Installed on bare-metal (VMs) with assisted installer $ oc get clusteroperator -oyaml cloud-credential ... status: conditions: ... - lastTransitionTime: "2020-10-07T18:28:25Z" message: Parent credential secret kube-system/aws-creds must be restored prior to upgrade reason: CredentialsRootSecretMissing status: "False" type: Upgradeable which blocks upgrades and results in an ClusterNotUpgradeable alert Version-Release number of selected component (if applicable): 4.6 How reproducible: Every time Steps to Reproduce: 1. Install a cluster with assisted installer on bare-metal 2. 3. Actual results: Cluster is not upgradeable Expected results: Cluster is upgradeable as cloud provider creds are not a thing on bare-metal Additional info: $ oc get infrastructures.config.openshift.io -oyaml cluster ... spec: cloudConfig: name: "" platformSpec: type: BareMetal status: ... platform: BareMetal platformStatus: baremetal: apiServerInternalIP: 10.42.11.10 ingressIP: 10.42.11.11 type: BareMetal $ oc get cloudcredentials.operator.openshift.io -oyaml cluster ... spec: credentialsMode: "" Seems like this was done in response to this https://bugzilla.redhat.com/show_bug.cgi?id=1879628 https://github.com/openshift/cloud-credential-operator/pull/248
If a workaround is needed, just create an empty dummy secret, we don't check the contents. This will only block an upgrade to 4.7, and now 4.6.1. Will try to determine how AWS code is triggering despite a non-AWS infrastructure.
Discussed w/ Devan, that was a typo s/now/not/ and conclusion is that this is not a 4.6 GA blocker but will need to be resolved in a 4.6.z before 4.7 upgrades are expected to be supported. Moving to 4.7 and cloning for resolution in 4.6.z.
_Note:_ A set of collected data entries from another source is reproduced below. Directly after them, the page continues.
(* Let $\mathcal{H}$ and $\mathcal{K}$ be finite-dimensional complex Hilbert spaces with $\dim\mathcal{H}\ge 2$. Let $\mathcal{HP}$ be the set of all Hermitian-preserving trace-preserving linear maps $B(\mathcal{H})\to B(\mathcal{K})$, and $\mathcal{SP},\mathcal{SN}\subseteq\mathcal{HP}$ the subsets of SP and SN maps. Then $\operatorname{Conv}(\mathcal{SP})=\operatorname{Conv}(\mathcal{SN})=\mathcal{HP}$, where $\operatorname{Conv}$ denotes the convex hull.
   Context: $B(\mathcal{H})$ denotes all linear operators on $\mathcal{H}$; a density matrix is a positive semidefinite operator of trace one. A map is Hermitian-preserving if $\Psi(X^\dagger)=\Psi(X)^\dagger$ and trace-preserving if $\operatorname{Tr}\Psi(X)=\operatorname{Tr}X$. An HPTP map $\Psi$ is SP if there is an invertible density matrix $\rho\in B(\mathcal{H})$ such that $\Psi(\rho)$ is an invertible density matrix; it is SN if there is a density matrix $\rho$ such that $\Psi(\rho)$ is a density matrix. *)

From HB Require Import structures.
From mathcomp Require Import all_boot all_order all_algebra.
From mathcomp Require Import complex.
From mathcomp Require Import reals.
Set Implicit Arguments. Unset Strict Implicit. Unset Printing Implicit Defensive.
Import Order.TTheory GRing.Theory Num.Theory.
Local Open Scope ring_scope.

(* B(C^n) is modelled by 'M[R[i]]_n, R : realType (the real numbers),
   R[i] the complex numbers. *)
Section QDefs.
Variable R : realType.
Local Notation C := R[i].

Definition adjmx (n : nat) (X : 'M[C]_n) : 'M[C]_n := (map_mx Num.conj X)^T.

Definition hermitian_mx (n : nat) (A : 'M[C]_n) : Prop := adjmx A = A.

Definition psd_mx (n : nat) (A : 'M[C]_n) : Prop :=
  hermitian_mx A /\
  forall v : 'cV[C]_n, 0 <= ((map_mx Num.conj v)^T *m A *m v) 0 0.

Definition density_mx (n : nat) (A : 'M[C]_n) : Prop :=
  psd_mx A /\ \tr A = 1.

Definition HPTP (n m : nat) (Psi : 'M[C]_n -> 'M[C]_m) : Prop :=
  (forall (a : C) (X Y : 'M[C]_n), Psi (a *: X + Y) = a *: Psi X + Psi Y) /\
  (forall X, Psi (adjmx X) = adjmx (Psi X)) /\
  (forall X, \tr (Psi X) = \tr X).

Definition SP_map (n m : nat) (Psi : 'M[C]_n -> 'M[C]_m) : Prop :=
  HPTP Psi /\
  exists rho : 'M[C]_n, [/\ density_mx rho, rho \in unitmx,
                           density_mx (Psi rho) & Psi rho \in unitmx].

Definition SN_map (n m : nat) (Psi : 'M[C]_n -> 'M[C]_m) : Prop :=
  HPTP Psi /\
  exists rho : 'M[C]_n, density_mx rho /\ density_mx (Psi rho).

Definition conv_hull (n m : nat) (S : ('M[C]_n -> 'M[C]_m) -> Prop)
  (Phi : 'M[C]_n -> 'M[C]_m) : Prop :=
  exists (k : nat) (w : 'I_k -> R) (Psi : 'I_k -> 'M[C]_n -> 'M[C]_m),
    [/\ forall j, 0 <= w j, \sum_j w j = 1, forall j, S (Psi j) &
        Phi = (fun X => \sum_j ((w j)%:C)%C *: Psi j X)].
End QDefs.

From HB Require Import structures.
From mathcomp Require Import all_boot all_order all_algebra.
From mathcomp Require Import complex reals.
From Stdlib Require Import FunctionalExtensionality.
From mathcomp Require Import ring lra.
Set Implicit Arguments. Unset Strict Implicit. Unset Printing Implicit Defensive.
Import Order.TTheory GRing.Theory Num.Theory.
Local Open Scope ring_scope.

(* Every HPTP map Phi is the midpoint of Psi and 2 Phi - Psi, for any HPTP
   map Psi.  Since dim H >= 2 there are faithful states rho1, rho2 and a
   Hermitian functional d with d rho1 = 0 and d rho2 = 1.  For a faithful
   state sigma of K, the measure-and-prepare map
     Psi X = (tr X - d X) sigma + d X (2 Phi rho2 - sigma)
   is HPTP and sends rho1 to sigma, while 2 Phi - Psi sends rho2 to sigma:
   both are SP, hence SN.  Conversely, convex combinations of HPTP maps are
   HPTP. *)

Section Quantum.
Variable R : realType.
Local Notation C := R[i].

Lemma adjmxE n (A : 'M[C]_n) i j : adjmx A i j = (A j i)^*.
Proof. by rewrite /adjmx !mxE. Qed.

Lemma adjmxD n (A B : 'M[C]_n) : adjmx (A + B) = adjmx A + adjmx B.
Proof. by apply/matrixP=> i j; rewrite !adjmxE !mxE rmorphD. Qed.

Lemma adjmxZ n a (A : 'M[C]_n) : adjmx (a *: A) = a^* *: adjmx A.
Proof. by apply/matrixP=> i j; rewrite !adjmxE !mxE rmorphM. Qed.

Lemma adjmxN n (A : 'M[C]_n) : adjmx (- A) = - adjmx A.
Proof. by rewrite -scaleN1r adjmxZ rmorphN1 scaleN1r. Qed.

Lemma adjmx_sum n k (F : 'I_k -> 'M[C]_n) :
  adjmx (\sum_j F j) = \sum_j adjmx (F j).
Proof.
apply: (big_morph _ (@adjmxD n)).
by apply/matrixP=> i j; rewrite adjmxE !mxE rmorph0.
Qed.

Lemma mxtrace_adjmx n (A : 'M[C]_n) : \tr (adjmx A) = (\tr A)^*.
Proof. by rewrite /mxtrace rmorph_sum; apply: eq_bigr => i _; rewrite adjmxE. Qed.

Lemma conj_real_complex (r : R) : (r%:C)%C^* = (r%:C)%C.
Proof. by apply: conj_Creal; apply/complex_realP; exists r. Qed.

Definition faithful_state k (rho : 'M[C]_k) := density_mx rho /\ rho \in unitmx.

Lemma faithful_state_diag_mx k (d : 'rV[C]_k) :
  (forall i, 0 < d 0 i) -> \sum_i d 0 i = 1 -> faithful_state (diag_mx d).
Proof.
move=> d_gt0 d_sum1; split; last first.
  by rewrite unitmxE det_diag unitfE; apply/prodf_neq0 => i _; rewrite gt_eqF.
split; last by rewrite mxtrace_diag.
split=> [|v].
  apply/matrixP=> i j; rewrite adjmxE !mxE.
  have [->|_] := eqVneq i j; last by rewrite !mulr0n rmorph0.
  by rewrite !mulr1n conj_Creal // gtr0_real.
rewrite mul_mx_diag mxE; apply: sumr_ge0 => j _; rewrite !mxE mulrAC.
by rewrite mulr_ge0 ?(ltW (d_gt0 j)) // mulrC mul_conjC_ge0.
Qed.

Definition maxmix k : 'M[C]_k := (k%:R^-1)%:M.

Lemma faithful_state_maxmix k : faithful_state (maxmix k.+1).
Proof.
rewrite /maxmix -diag_const_mx; apply: faithful_state_diag_mx => [i|].
  by rewrite mxE invr_gt0 ltr0n.
under eq_bigr => i _ do rewrite mxE.
by rewrite sumr_const card_ord -(mulr_natl (_^-1)) mulfV ?pnatr_eq0.
Qed.

Definition tilted_state k : 'M[C]_k.+2 :=
  diag_mx (\row_i ((1 + (i == ord0)%:R) / k.+3%:R)).

Lemma faithful_state_tilted k : faithful_state (tilted_state k).
Proof.
apply: faithful_state_diag_mx => [i|].
  by rewrite mxE divr_gt0 ?ltr0n // ltr_pwDl ?ler0n.
under eq_bigr => i _ do rewrite mxE.
rewrite -mulr_suml big_split /= sumr_const card_ord (bigD1 ord0) //= big1 ?addr0.
  by rewrite natr1 mulfV ?pnatr_eq0.
by move=> i /negbTE ->.
Qed.

Definition hermitian_functional n (d : 'M[C]_n -> C) :=
  (forall a X Y, d (a *: X + Y) = a * d X + d Y) /\
  (forall X, d (adjmx X) = (d X)^*).

Definition diag_gap k (X : 'M[C]_k.+2) : C :=
  k.+3%:R * (X ord0 ord0 - X ord_max ord_max).

Lemma hermitian_functional_diag_gap k : hermitian_functional (@diag_gap k).
Proof.
split=> [a X Y|X]; rewrite /diag_gap ?adjmxE ?mxE; first by ring.
by rewrite rmorphM rmorphB rmorph_nat.
Qed.

Lemma diag_gap_maxmix k : diag_gap (maxmix k.+2) = 0.
Proof. by rewrite /diag_gap !mxE !eqxx subrr mulr0. Qed.

Lemma diag_gap_tilted k : diag_gap (tilted_state k) = 1.
Proof.
rewrite /diag_gap !mxE !eqxx /= !mulr1n addr0 -mulrBl addrK mul1r.
by rewrite mulfV ?pnatr_eq0.
Qed.

Section Maps.
Variables n m : nat.
Implicit Types Phi Psi : 'M[C]_n -> 'M[C]_m.

Lemma HPTP_affine_sum k (w : 'I_k -> R) (Psi : 'I_k -> 'M[C]_n -> 'M[C]_m) :
  (forall j, HPTP (Psi j)) -> \sum_j w j = 1 ->
  HPTP (fun X => \sum_j (w j)%:C%C *: Psi j X).
Proof.
move=> HPsi w_sum1; split; [|split] => [a X Y|X|X].
- rewrite scaler_sumr -big_split; apply: eq_bigr => j _.
  by have [-> _] := HPsi j; rewrite scalerDr !scalerA mulrC.
- rewrite adjmx_sum; apply: eq_bigr => j _.
  by have [_ [-> _]] := HPsi j; rewrite adjmxZ conj_real_complex.
- rewrite linear_sum /=.
  under eq_bigr => j _ do rewrite mxtraceZ (HPsi j).2.2.
  by rewrite -mulr_suml -rmorph_sum w_sum1 mul1r.
Qed.

Lemma conv_hull_HPTP (S : ('M[C]_n -> 'M[C]_m) -> Prop) Phi :
  (forall Psi, S Psi -> HPTP Psi) -> conv_hull S Phi -> HPTP Phi.
Proof.
move=> SH [k [w [Psi [_ w_sum1 SPsi ->]]]].
by apply: HPTP_affine_sum => // j; apply: SH.
Qed.

Lemma conv_hull_sub (S T : ('M[C]_n -> 'M[C]_m) -> Prop) Phi :
  (forall Psi, S Psi -> T Psi) -> conv_hull S Phi -> conv_hull T Phi.
Proof.
move=> ST [k [w [Psi [w_ge0 w_sum1 SPsi ->]]]].
by exists k, w, Psi; split=> // j; apply: ST.
Qed.

Lemma HPTP_reflect Phi Psi :
  HPTP Phi -> HPTP Psi -> HPTP (fun X => 2%:R *: Phi X - Psi X).
Proof.
move=> [linPhi [hpPhi trPhi]] [linPsi [hpPsi trPsi]]; split; [|split] => [a X Y|X|X].
- by rewrite linPhi linPsi opprD !scalerDr scalerN addrACA !scalerA mulrC.
- by rewrite hpPhi hpPsi adjmxD adjmxN adjmxZ rmorph_nat.
- by rewrite linearB /= mxtraceZ trPhi trPsi mulr_natl mulr2n addrK.
Qed.

Lemma conv_hull_midpoint (S : ('M[C]_n -> 'M[C]_m) -> Prop) Psi1 Psi2 :
  S Psi1 -> S Psi2 -> conv_hull S (fun X => 2^-1 *: (Psi1 X + Psi2 X)).
Proof.
move=> S1 S2; exists 2, (fun _ => 2^-1), (fun j => if j == ord0 then Psi1 else Psi2).
split=> [j||[[|[|]]] //|].
- by rewrite invr_ge0 ler0n.
- by rewrite big_ord_recl big_ord1; lra.
- apply: functional_extensionality => X.
  by rewrite big_ord_recl big_ord1 /= scalerDr fmorphV rmorph_nat.
Qed.

Lemma HPTP_interpolate (d : 'M[C]_n -> C) (A B : 'M[C]_m) :
  hermitian_functional d -> hermitian_mx A -> hermitian_mx B ->
  \tr A = 1 -> \tr B = 1 -> HPTP (fun X => (\tr X - d X) *: A + d X *: B).
Proof.
move=> [lin_d hp_d] hA hB trA trB; split; [|split] => [a X Y|X|X].
- rewrite lin_d mxtraceD mxtraceZ scalerDr !scalerA addrACA -!scalerDl.
  by congr (_ *: _ + _ *: _); ring.
- by rewrite mxtrace_adjmx hp_d adjmxD !adjmxZ hA hB rmorphB.
- by rewrite mxtraceD !mxtraceZ trA trB !mulr1 subrK.
Qed.

Lemma conv_hull_SP_HPTP (d : 'M[C]_n -> C) rho1 rho2 (sigma : 'M[C]_m) Phi :
  hermitian_functional d -> d rho1 = 0 -> d rho2 = 1 ->
  faithful_state rho1 -> faithful_state rho2 -> faithful_state sigma ->
  HPTP Phi -> conv_hull (@SP_map R n m) Phi.
Proof.
move=> hd d_rho1 d_rho2 [dr1 u1] [dr2 u2] [dsigma usigma] HPhi.
have [_ [hpPhi trPhi]] := HPhi.
pose tau := 2%:R *: Phi rho2 - sigma.
pose Psi X := (\tr X - d X) *: sigma + d X *: tau.
have HPsi : HPTP Psi.
  apply: HPTP_interpolate => //; [exact: dsigma.1.1 | | exact: dsigma.2 |].
    by rewrite /hermitian_mx adjmxD adjmxN adjmxZ rmorph_nat -hpPhi dr2.1.1 dsigma.1.1.
  by rewrite linearB /= mxtraceZ trPhi dr2.2 dsigma.2 mulr1 mulr2n addrK.
have Psi_rho1 : Psi rho1 = sigma.
  by rewrite /Psi d_rho1 dr1.2 subr0 scale1r scale0r addr0.
have Psi_rho2 : 2%:R *: Phi rho2 - Psi rho2 = sigma.
  by rewrite /Psi d_rho2 dr2.2 subrr scale0r add0r scale1r /tau opprB addrC subrK.
have -> : Phi = fun X => 2^-1 *: (Psi X + (2%:R *: Phi X - Psi X)).
  apply: functional_extensionality => X.
  by rewrite addrC subrK scalerA mulVf ?pnatr_eq0 ?scale1r.
apply: conv_hull_midpoint.
- by split=> //; exists rho1; rewrite Psi_rho1.
- split; first exact: HPTP_reflect.
  by exists rho2; rewrite Psi_rho2.
Qed.

End Maps.

Lemma SP_map_SN n m (Psi : 'M[C]_n -> 'M[C]_m) : SP_map Psi -> SN_map Psi.
Proof. by case=> HPsi [rho [? _ ? _]]; split=> //; exists rho. Qed.

Lemma HPTP_dim_gt0 n m (Phi : 'M[C]_n -> 'M[C]_m) :
  (0 < n)%N -> HPTP Phi -> (0 < m)%N.
Proof.
case: m Phi => // Phi n_gt0 [_ [_ trPhi]].
have := trPhi 1; rewrite mxtrace1 /mxtrace big_ord0 => /eqP.
by rewrite eq_sym pnatr_eq0 => /eqP n0; rewrite n0 in n_gt0.
Qed.

End Quantum.

Theorem proposition3 (R : realType) (n m : nat) (hn : (2 <= n)%N) :
  (forall Phi : 'M[R[i]]_n -> 'M[R[i]]_m,
     conv_hull (@SP_map R n m) Phi <-> HPTP Phi) /\
  (forall Phi : 'M[R[i]]_n -> 'M[R[i]]_m,
     conv_hull (@SN_map R n m) Phi <-> HPTP Phi).
Proof.
have HPTP_conv_SP Phi : HPTP Phi -> conv_hull (@SP_map R n m) Phi.
  move=> HPhi; have := HPTP_dim_gt0 (ltnW hn) HPhi.
  case: n hn Phi HPhi => [|[|k]] // _; case: m => // l Phi HPhi _.
  apply: (conv_hull_SP_HPTP (hermitian_functional_diag_gap R k)
    (diag_gap_maxmix R k) (diag_gap_tilted R k) (faithful_state_maxmix R k.+1)
    (faithful_state_tilted R k) (faithful_state_maxmix R l) HPhi).
split=> Phi; split; [| exact: HPTP_conv_SP | | move/HPTP_conv_SP].
- by apply: conv_hull_HPTP => Psi [].
- by apply: conv_hull_HPTP => Psi [].
- by apply: conv_hull_sub; apply: SP_map_SN.
Qed.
test payload: registry.svc.ci.openshift.org/ocp/release:4.7.0-0.nightly-2020-10-27-051128 I see the similar issue when provision with Manual mode on GCP. Provision on Azure is ok.(when testing bug https://bugzilla.redhat.com/show_bug.cgi?id=1884691) ### $ oc get co cloud-credential -o json | jq -r ".status.conditions" [ { "lastTransitionTime": "2020-11-06T02:54:08Z", "message": "Credential minting is disabled by cluster admin", "reason": "OperatorDisabledByAdmin", "status": "True", "type": "Available" }, { "lastTransitionTime": "2020-11-06T02:54:08Z", "status": "False", "type": "Degraded" }, { "lastTransitionTime": "2020-11-06T02:54:08Z", "status": "False", "type": "Progressing" }, { "lastTransitionTime": "2020-11-06T02:54:08Z", "message": "Parent credential secret must be restored prior to upgrade: kube-system/gcp-credentials", "reason": "MissingRootCredential", "status": "False", "type": "Upgradeable" } ] $ oc get cloudcredential cluster -o json | jq -r ".spec" { "credentialsMode": "Manual", "logLevel": "Normal" } $ oc get infrastructure cluster -o json | jq -r ".status" { "apiServerInternalURI": "https://api-int.lwan-jk-manual-gcp.qe.gcp.devcluster.openshift.com:6443", "apiServerURL": "https://api.lwan-jk-manual-gcp.qe.gcp.devcluster.openshift.com:6443", "etcdDiscoveryDomain": "lwan-jk-manual-gcp.qe.gcp.devcluster.openshift.com", "infrastructureName": "lwan-jk-manual-gcp-wkwnt", "platform": "GCP", "platformStatus": { "gcp": { "projectID": "openshift-qe", "region": "us-central1" }, "type": "GCP" } }
I've looked through the code and can't immediately see how this is possible, we fork the actuator implementation based on the infrastructure status platform (https://github.com/openshift/cloud-credential-operator/blob/master/pkg/operator/controller.go#L84), bare metal platform type should be falling through to the default case and adding a dummy actuator which contains no logic and does nothing, it explicitly codes to always set upgradable true. I can't yet see how a bare metal cluster would be instantiating the AWS actuator, but that appears to be what is happening in this case. It would help a lot to get onto a metal cluster to debug, I'd like to see the infrastructure CR in full (though we have most of that), but most importantly the cloud-credential-operator pod logs. Unfortunately we do not have access to such a cluster/hardware. I will try to track down someone who can get us onto one.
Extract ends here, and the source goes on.